This week we are talking with steampunk and fine art artist, Mark Jason Page.

Airship Ambassador: Hi Mark, I’ll start by saying thanks for joining us, even moreso, thanks for sending me an introduction tweet about your artwork!

Mark Jason Page: Cool Kevin, thanks for taking the time to chat with me about my work!

AA: As one might suspect, I find, and am sent, a large number of links to all kinds of steampunk items and information. I wasn’t sure what to expect when I clicked your link, but I have to say that after the first picture displayed and my jaw dropped open, I was totally captivated by your colorful and whimsical take on steam punk imagery. Before we talk about your work, what was your journey down this creative path?
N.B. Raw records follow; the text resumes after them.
(* Let $f:X\to Y$ be an equivariant map of nominal sets, $u\in X$ an $f$-safe element and $x\in\mathcal V$ with $x\notin\mathsf{bv}_f(u)$. Then $(x,u)$ is $(\theta_Y\circ(\mathcal V\times f))$-safe, where $\theta_Y\circ(\mathcal V\times f):\mathcal V\times X\to[\mathcal V]Y$, $(y,w)\mapsto\langle y\rangle f(w)$.
   Context: Nominal sets over a countably infinite set $\mathcal V$ of names; $\mathsf{supp}$ least finite support. $[\mathcal V]Y$ is the quotient of $\mathcal V\times Y$ by $(x_1,u_1)\sim(x_2,u_2)$ iff $(x_1\ z)\cdot u_1=(x_2\ z)\cdot u_2$ for some $z$ fresh for all four, classes $\langle x\rangle u$; $\theta_Y(x,u)=\langle x\rangle u$. For equivariant $f$: $u$ is $f$-safe if $|\mathsf{supp}(u)|=\max\{|\mathsf{supp}(v)|:v\in f^{-1}(f(u))\}$ (maximum existing); $\mathsf{bv}_f(u)=\mathsf{supp}(u)\setminus\mathsf{supp}(f(u))$. *)

From Stdlib Require Import Arith List Lia.
Import ListNotations.
Set Implicit Arguments.

(** Names: V := nat (countably infinite).
    Finitely supported permutations of names. *)
Record perm := Perm {
  pfun :> nat -> nat;
  pinv : nat -> nat;
  pK : forall a, pinv (pfun a) = a;
  pKV : forall a, pfun (pinv a) = a;
  pfin : exists l : list nat, forall a, ~ In a l -> pfun a = a }.

Definition swapf (a b c : nat) : nat :=
  if Nat.eqb c a then b else if Nat.eqb c b then a else c.

Lemma swapf_invol a b c : swapf a b (swapf a b c) = c.
Proof.
  unfold swapf.
  destruct (Nat.eqb_spec c a) as [->|Hca].
  - destruct (Nat.eqb_spec b a) as [->|Hba]; [reflexivity|].
    rewrite Nat.eqb_refl; reflexivity.
  - destruct (Nat.eqb_spec c b) as [->|Hcb].
    + rewrite Nat.eqb_refl; reflexivity.
    + apply Nat.eqb_neq in Hca, Hcb. rewrite Hca, Hcb. reflexivity.
Qed.

Lemma swapf_fin a b : exists l : list nat, forall c, ~ In c l -> swapf a b c = c.
Proof.
  exists [a; b]; intros c Hc; unfold swapf.
  destruct (Nat.eqb_spec c a); [subst; simpl in Hc; tauto|].
  destruct (Nat.eqb_spec c b); [subst; simpl in Hc; tauto|]. reflexivity.
Qed.

Definition swap (a b : nat) : perm :=
  @Perm (swapf a b) (swapf a b) (swapf_invol a b) (swapf_invol a b) (swapf_fin a b).

Record nominal := Nominal {
  carrier :> Type;
  act : perm -> carrier -> carrier;
  act_id : forall (p : perm) x, (forall a, p a = a) -> act p x = x;
  act_comp : forall (p q r : perm) x, (forall a, r a = p (q a)) ->
      act r x = act p (act q x);
  fin_supp : forall x, exists l : list nat,
      forall p : perm, (forall a, In a l -> p a = a) -> act p x = x }.

Arguments act {n} p x.

Definition supports {X : nominal} (l : list nat) (x : X) : Prop :=
  forall p : perm, (forall a, In a l -> p a = a) -> act p x = x.

(** Least finite support: a belongs to supp x iff a lies in every finite
    support of x. *)
Definition in_supp {X : nominal} (x : X) (a : nat) : Prop :=
  forall l, supports l x -> In a l.

Definition supp_card {X : nominal} (x : X) (n : nat) : Prop :=
  exists l : list nat, NoDup l /\ length l = n /\ (forall a, In a l <-> in_supp x a).

Definition equivariant {X Y : nominal} (f : X -> Y) : Prop :=
  forall (p : perm) (x : X), f (act p x) = act p (f x).

(** u is f-safe: |supp u| = max { |supp v| : v in f^{-1}(f u) },
    the maximum existing. Only the domain structure and equality in the
    codomain are used. *)
Definition safe {X : nominal} {Z : Type} (f : X -> Z) (u : X) : Prop :=
  exists n, supp_card u n /\
    forall v m, f v = f u -> supp_card v m -> m <= n.

Definition in_bv {X Y : nominal} (f : X -> Y) (u : X) (a : nat) : Prop :=
  in_supp u a /\ ~ in_supp (f u) a.

Definition names_nominal : nominal.
Proof.
  refine (@Nominal nat (fun p a => p a) _ _ _).
  - intros p x H; apply H.
  - intros p q r x H; apply H.
  - intros x; exists [x]; intros p H; apply H; simpl; auto.
Defined.

Definition prod_nominal (X : nominal) : nominal.
Proof.
  refine (@Nominal (nat * X)%type (fun p ax => (p (fst ax), act p (snd ax))) _ _ _).
  - intros p [a x] H; simpl; rewrite H, act_id; auto.
  - intros p q r [a x] H; simpl; rewrite H, (act_comp _ p q r x H); reflexivity.
  - intros [a x]. destruct (fin_supp _ x) as [l Hl].
    exists (a :: l); intros p Hp; simpl.
    rewrite Hp by (simpl; auto). rewrite Hl; auto.
    intros b Hb; apply Hp; simpl; auto.
Defined.

Definition alpha {Y : nominal} (p1 p2 : nat * Y) : Prop :=
  exists z, z <> fst p1 /\ z <> fst p2 /\
    ~ in_supp (snd p1) z /\ ~ in_supp (snd p2) z /\
    act (swap (fst p1) z) (snd p1) = act (swap (fst p2) z) (snd p2).

(** [V]Y: the quotient of V x Y by alpha, as the type of equivalence classes. *)
Definition abs (Y : nominal) : Type :=
  { C : nat * Y -> Prop | exists x u, forall q, C q <-> alpha (x, u) q }.

Lemma theta_class {Y : nominal} (xu : nat * Y) :
  exists x u, forall q, alpha xu q <-> alpha (x, u) q.
Proof. destruct xu as [x u]; exists x, u; intros q; tauto. Qed.

Definition theta {Y : nominal} (xu : nat * Y) : abs Y :=
  exist _ (fun q => alpha xu q) (theta_class xu).

Definition theta_comp {X Y : nominal} (f : X -> Y) : prod_nominal X -> abs Y :=
  fun yw => theta (fst yw, f (snd yw)).

From Stdlib Require Import Arith List Lia FinFun Classical ClassicalEpsilon.

(* Let <x>f(u) = <y>f(w) with (y, w) in V x X.  Unfolding alpha-equivalence
   gives a name z with (y z).f(w) = (x z).f(u), so the renamed element
   w' := (x z)(y z).w lies in the fibre of f over f(u); since u is f-safe
   and renaming preserves the size of supports, |supp w| <= |supp u|.
   Because supp (a, t) = {a} u supp t, the pair (x, u) has support size
   |supp u| if x is in supp u and |supp u| + 1 otherwise, while (y, w) has
   size at most |supp w| + 1.  The only delicate case is x in supp u: then
   x is not bound, i.e. x is in supp f(u), and transporting this along the
   renaming puts y in supp f(w), hence in supp w, so (y, w) has size |supp w|. *)

Definition pcomp (p q : perm) : perm.
Proof.
  refine (@Perm (fun a => p (q a)) (fun a => pinv q (pinv p a)) _ _ _).
  - intros a; rewrite !pK; reflexivity.
  - intros a; rewrite !pKV; reflexivity.
  - destruct (pfin p) as [l1 H1], (pfin q) as [l2 H2]; exists (l1 ++ l2).
    intros a Ha; rewrite in_app_iff in Ha. rewrite H2 by tauto. apply H1; tauto.
Defined.

Definition pinverse (p : perm) : perm.
Proof.
  refine (@Perm (pinv p) p (pKV p) (pK p) _).
  destruct (pfin p) as [l Hl]; exists l.
  intros a Ha. rewrite <- (Hl a Ha) at 1. apply pK.
Defined.

Lemma act_pinverse_l {X : nominal} (p : perm) (t : X) :
  act (pinverse p) (act p t) = t.
Proof.
  rewrite <- (act_comp X (pinverse p) p (pcomp (pinverse p) p) t)
    by (intros; reflexivity).
  apply act_id; intros a; apply pK.
Qed.

Lemma act_involution {X : nominal} (p : perm) (t : X) :
  (forall a, p (p a) = a) -> act p (act p t) = t.
Proof.
  intros Hp. rewrite <- (act_comp X p p (pcomp p p) t) by (intros; reflexivity).
  apply act_id; exact Hp.
Qed.

Lemma swapf_l a b : swapf a b a = b.
Proof. unfold swapf; rewrite Nat.eqb_refl; reflexivity. Qed.

Lemma swapf_r a b : swapf a b b = a.
Proof.
  unfold swapf; destruct (Nat.eqb_spec b a); [subst|]; rewrite ?Nat.eqb_refl; auto.
Qed.

Lemma swapf_other a b c : c <> a -> c <> b -> swapf a b c = c.
Proof.
  intros Ha Hb; unfold swapf.
  apply Nat.eqb_neq in Ha, Hb; rewrite Ha, Hb; reflexivity.
Qed.

Lemma fresh_name (l : list nat) : exists z, ~ In z l.
Proof.
  exists (S (list_max l)); intros Hin.
  assert (Hle : list_max l <= list_max l) by apply le_n.
  apply list_max_le, Forall_forall with (x := S (list_max l)) in Hle; [lia|exact Hin].
Qed.

Lemma supports_act {X : nominal} (p : perm) (l : list nat) (t : X) :
  supports l t -> supports (map p l) (act p t).
Proof.
  intros Hl q Hq.
  set (r := pcomp (pinverse p) (pcomp q p)).
  rewrite <- (act_comp X q p (pcomp q p) t) by (intros; reflexivity).
  rewrite (act_comp X p r (pcomp q p) t)
    by (intros a; symmetry; apply (pKV p)).
  rewrite (Hl r); [reflexivity|].
  intros a Ha; cbn. rewrite Hq by (apply in_map; exact Ha). apply pK.
Qed.

Lemma in_supp_act_l {X : nominal} (p : perm) (t : X) c :
  in_supp (act p t) c -> in_supp t (pinv p c).
Proof.
  intros H l Hl. destruct (proj1 (in_map_iff _ _ _) (H _ (supports_act p _ _ Hl)))
    as [d [<- Hd]].
  rewrite pK; exact Hd.
Qed.

Lemma in_supp_act {X : nominal} (p : perm) (t : X) c :
  in_supp (act p t) c <-> in_supp t (pinv p c).
Proof.
  split; [apply in_supp_act_l|].
  intros H; rewrite <- (act_pinverse_l p t) in H.
  apply in_supp_act_l in H.
  change (in_supp (act p t) (p (pinv p c))) in H. rewrite pKV in H; exact H.
Qed.

Lemma supp_card_act {X : nominal} (p : perm) {t : X} {n : nat} :
  supp_card t n -> supp_card (act p t) n.
Proof.
  intros [L [HN [HL HS]]]. exists (map p L); split; [|split].
  - apply Injective_map_NoDup; [|exact HN].
    intros a b E. rewrite <- (pK p a), <- (pK p b), E; reflexivity.
  - rewrite length_map; exact HL.
  - intros c. rewrite in_supp_act, <- HS, in_map_iff. split.
    + intros [d [<- Hd]]. rewrite pK; exact Hd.
    + intros Hd. exists (pinv p c); split; [apply pKV|exact Hd].
Qed.

Lemma in_supp_equivariant {X Y : nominal} (f : X -> Y) (t : X) a :
  equivariant f -> in_supp (f t) a -> in_supp t a.
Proof. intros Hf H l Hl. apply H. intros p Hp. rewrite <- Hf, Hl; auto. Qed.

(* Every element has a least support of some size: filter a finite support. *)
Lemma supp_card_exists {X : nominal} (t : X) : exists n, supp_card t n.
Proof.
  destruct (fin_supp X t) as [l Hl].
  set (keep := fun a => if excluded_middle_informative (in_supp t a) then true else false).
  exists (length (nodup Nat.eq_dec (filter keep l))), (nodup Nat.eq_dec (filter keep l)).
  split; [apply NoDup_nodup|split; [reflexivity|]].
  intros a. rewrite nodup_In, filter_In. unfold keep.
  destruct excluded_middle_informative as [Ha|Ha]; split; try tauto.
  - intros H; split; [exact (H l Hl)|reflexivity].
  - intros [_ E]; discriminate E.
Qed.

Lemma supp_card_unique {X : nominal} {t : X} {n m : nat} :
  supp_card t n -> supp_card t m -> n = m.
Proof.
  intros [L1 [N1 [<- H1]]] [L2 [N2 [<- H2]]].
  apply Nat.le_antisymm; apply NoDup_incl_length; auto; intros a Ha.
  - apply H2, H1, Ha.
  - apply H1, H2, Ha.
Qed.

Lemma supports_pair {X : nominal} (a : nat) (t : X) l :
  supports l t -> @supports (prod_nominal X) (a :: l) (a, t).
Proof.
  intros Hl p Hp; cbn. rewrite Hp by (left; reflexivity).
  rewrite Hl by (intros b Hb; apply Hp; right; exact Hb). reflexivity.
Qed.

Lemma supports_pair_snd {X : nominal} (a : nat) (t : X) l :
  @supports (prod_nominal X) l (a, t) -> supports l t.
Proof. intros Hl p Hp. exact (f_equal snd (Hl p Hp)). Qed.

(* A name is in the support of every pair it heads: otherwise swapping it
   with a fresh name would fix the pair. *)
Lemma in_supp_pair_fst {X : nominal} (a : nat) (t : X) :
  @in_supp (prod_nominal X) (a, t) a.
Proof.
  intros l Hl. apply NNPP; intros Ha.
  destruct (fresh_name (a :: l)) as [c Hc].
  assert (E : swapf a c a = a).
  { refine (f_equal fst (Hl (swap a c) _)).
    intros d Hd; apply swapf_other; intros ->; [exact (Ha Hd)|apply Hc; right; exact Hd]. }
  rewrite swapf_l in E. apply Hc; left; symmetry; exact E.
Qed.

Lemma in_supp_pair {X : nominal} (a : nat) (t : X) b :
  @in_supp (prod_nominal X) (a, t) b <-> b = a \/ in_supp t b.
Proof.
  split.
  - intros H. destruct (classic (b = a)) as [E|Hba]; [left; exact E|right].
    intros l Hl. destruct (H _ (supports_pair a _ _ Hl)) as [E|Hb]; [congruence|exact Hb].
  - intros [->|Hb]; [apply in_supp_pair_fst|].
    intros l Hl. exact (Hb l (supports_pair_snd _ _ _ Hl)).
Qed.

Lemma supp_card_pair_in {X : nominal} (a : nat) {t : X} {n : nat} :
  in_supp t a -> supp_card t n -> @supp_card (prod_nominal X) (a, t) n.
Proof.
  intros Ha [L [N [HL H]]]. exists L; split; [exact N|split; [exact HL|]].
  intros b. rewrite in_supp_pair, H. split; [tauto|intros [->|Hb]; assumption].
Qed.

Lemma supp_card_pair_fresh {X : nominal} (a : nat) {t : X} {n : nat} :
  ~ in_supp t a -> supp_card t n -> @supp_card (prod_nominal X) (a, t) (S n).
Proof.
  intros Ha [L [N [HL H]]]. exists (a :: L); split; [|split; [cbn; congruence|]].
  - constructor; [rewrite H; exact Ha|exact N].
  - intros b. rewrite in_supp_pair, <- H. cbn. split; intros [E|Hb]; auto.
Qed.

Lemma supp_card_pair_le {X : nominal} {a : nat} {t : X} {n m : nat} :
  supp_card t n -> @supp_card (prod_nominal X) (a, t) m -> m <= S n.
Proof.
  intros Ht Hm. destruct (classic (in_supp t a)) as [Ha|Ha].
  - rewrite (supp_card_unique Hm (supp_card_pair_in a Ha Ht)); lia.
  - rewrite (supp_card_unique Hm (supp_card_pair_fresh a Ha Ht)); lia.
Qed.

Lemma alpha_refl {Y : nominal} (q : nat * Y) : alpha q q.
Proof.
  destruct q as [y t]. destruct (fin_supp Y t) as [l Hl].
  destruct (fresh_name (y :: l)) as [z Hz].
  assert (Hzy : z <> y) by (intros ->; apply Hz; left; reflexivity).
  assert (Hzt : ~ in_supp t z) by (intros H; apply Hz; right; exact (H l Hl)).
  exists z; cbn; tauto.
Qed.

Lemma theta_eq_alpha {Y : nominal} {p q : nat * Y} : theta p = theta q -> alpha p q.
Proof.
  intros E. change (proj1_sig (theta p) q). rewrite E. apply alpha_refl.
Qed.

Lemma alpha_rename {Y : nominal} {x y : nat} {s t : Y} :
  alpha (y, t) (x, s) -> exists z, act (swap x z) (act (swap y z) t) = s.
Proof.
  intros [z [_ [_ [_ [_ E]]]]]; cbn in E. exists z.
  rewrite E. apply act_involution, swapf_invol.
Qed.

Lemma alpha_in_supp {Y : nominal} {x y : nat} {s t : Y} :
  alpha (y, t) (x, s) -> in_supp s x -> in_supp t y.
Proof.
  intros Ha. destruct (alpha_rename Ha) as [z <-].
  rewrite !in_supp_act; cbn. rewrite swapf_l, swapf_r. tauto.
Qed.

Section Abstraction.
Context {X Y : nominal} {f : X -> Y} (f_equivariant : equivariant f).

Lemma theta_comp_preimage {u w : X} {x y : nat} :
  theta_comp f ((y, w) : prod_nominal X) = theta_comp f ((x, u) : prod_nominal X) ->
  exists z, f (act (swap x z) (act (swap y z) w)) = f u.
Proof.
  intros E. destruct (alpha_rename (theta_eq_alpha E)) as [z Hz].
  exists z. rewrite !f_equivariant; exact Hz.
Qed.

Lemma theta_comp_in_supp {u w : X} {x y : nat} :
  theta_comp f ((y, w) : prod_nominal X) = theta_comp f ((x, u) : prod_nominal X) ->
  in_supp (f u) x -> in_supp w y.
Proof.
  intros E Hx. apply (in_supp_equivariant f w y f_equivariant).
  exact (alpha_in_supp (theta_eq_alpha E) Hx).
Qed.

End Abstraction.

Theorem lemma5p41 (X Y : nominal) (f : X -> Y) (u : X) (x : nat) :
  equivariant f -> safe f u -> ~ in_bv f u x ->
  @safe (prod_nominal X) (abs Y) (theta_comp f) ((x, u) : prod_nominal X).
Proof.
  intros Hf [n [Hu Hmax]] Hbv.
  assert (Hbody : forall y w mw,
    theta_comp f ((y, w) : prod_nominal X) = theta_comp f ((x, u) : prod_nominal X) ->
    supp_card w mw -> mw <= n).
  { intros y w mw E Hw. destruct (theta_comp_preimage Hf E) as [z Hz].
    exact (Hmax _ mw Hz (supp_card_act _ (supp_card_act _ Hw))). }
  destruct (classic (in_supp u x)) as [Hx|Hx].
  - exists n; split; [exact (supp_card_pair_in x Hx Hu)|].
    intros [y w] m E Hm. destruct (supp_card_exists w) as [mw Hw].
    assert (Hfx : in_supp (f u) x) by (apply NNPP; intros H; apply Hbv; split; assumption).
    pose proof (theta_comp_in_supp Hf E Hfx) as Hy.
    rewrite (supp_card_unique Hm (supp_card_pair_in y Hy Hw)).
    exact (Hbody y w mw E Hw).
  - exists (S n); split; [exact (supp_card_pair_fresh x Hx Hu)|].
    intros [y w] m E Hm. destruct (supp_card_exists w) as [mw Hw].
    pose proof (supp_card_pair_le Hw Hm). pose proof (Hbody y w mw E Hw). lia.
Qed.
MJP: Well, I’ve always had a love for I’ll say, contraptions or things that were design with intricate detail. Especially things that seemed to be designed during the industrial revolution. I love the detail that went into designing everything during the Victorian era and all of the beautiful materials used! So I’ve always been fascinated by this type of design and I think I’ve over the years created a mental library.

AA: Ahh, the allure of 1800’s design! What kind of education and experience were part of that journey?

MJP: Well, I think just studying photo’s and old blueprint type drawings from the period, from the architecture to locomotives and things, I just continued to fill my mental visual library with images rivet patterns, gears, beautiful copper pipes, steam, etc.


AA: Today, you are an Imagineer at Disney. Can you share a bit about what that entails? How is working at Disney similar and different than similar creative positions at other companies?

MJP: Yes, I’m a creative lead at Imagineering which usually includes art directing a project. So I’m usually involved with a project from inception all the way to construction. My job is to help give the attraction a visual direction and work with others to tell a cohesive and compelling story for our guests. Going forward everything the team on the project does needs to back up that story. I’m usually tasked with making sure we keep the creative vision and make sure the story is maintained. This can be challenging because all of this has to be done knowing that you have many different disciplines involved, and knowing everyone has to work as a team to make sure what we’re designing can be built and be believable in three dimensions. So I think what we do is different from say an art director for film or video games. With attractions, there’s just the added element of knowing that the end goal is to design something that people can get right up close to it, touch it, ride it.

AA: Working at Disney is a dream for some artists, and it certainly sounds like everyone works hard. Were you drawn to certain topics or subjects for your work?

MJP: If you mean for my personal work, yes I’ve always loved, of course, the imagery that came from some of H.G. Wells writing. Not that I’m totally up on all of his work, but I know I loved the illustrations and films based on his literature.

AA: In creating your work, what are some of the key elements on which you focus?

MJP: I really focus and am interested in mans attempt at trying to replicate nature in design. I love the this idea combined with the optimism and beauty of design during the industrial era. So I love to use elements from fish, or other sea creatures, intricate gear assemblies, copper steam stacks, rivets, I could go on. I love those design aesthetics! I will say that my plans are to incorporate figures and environments into my work. I don’t want my work to always be about just a vehicle.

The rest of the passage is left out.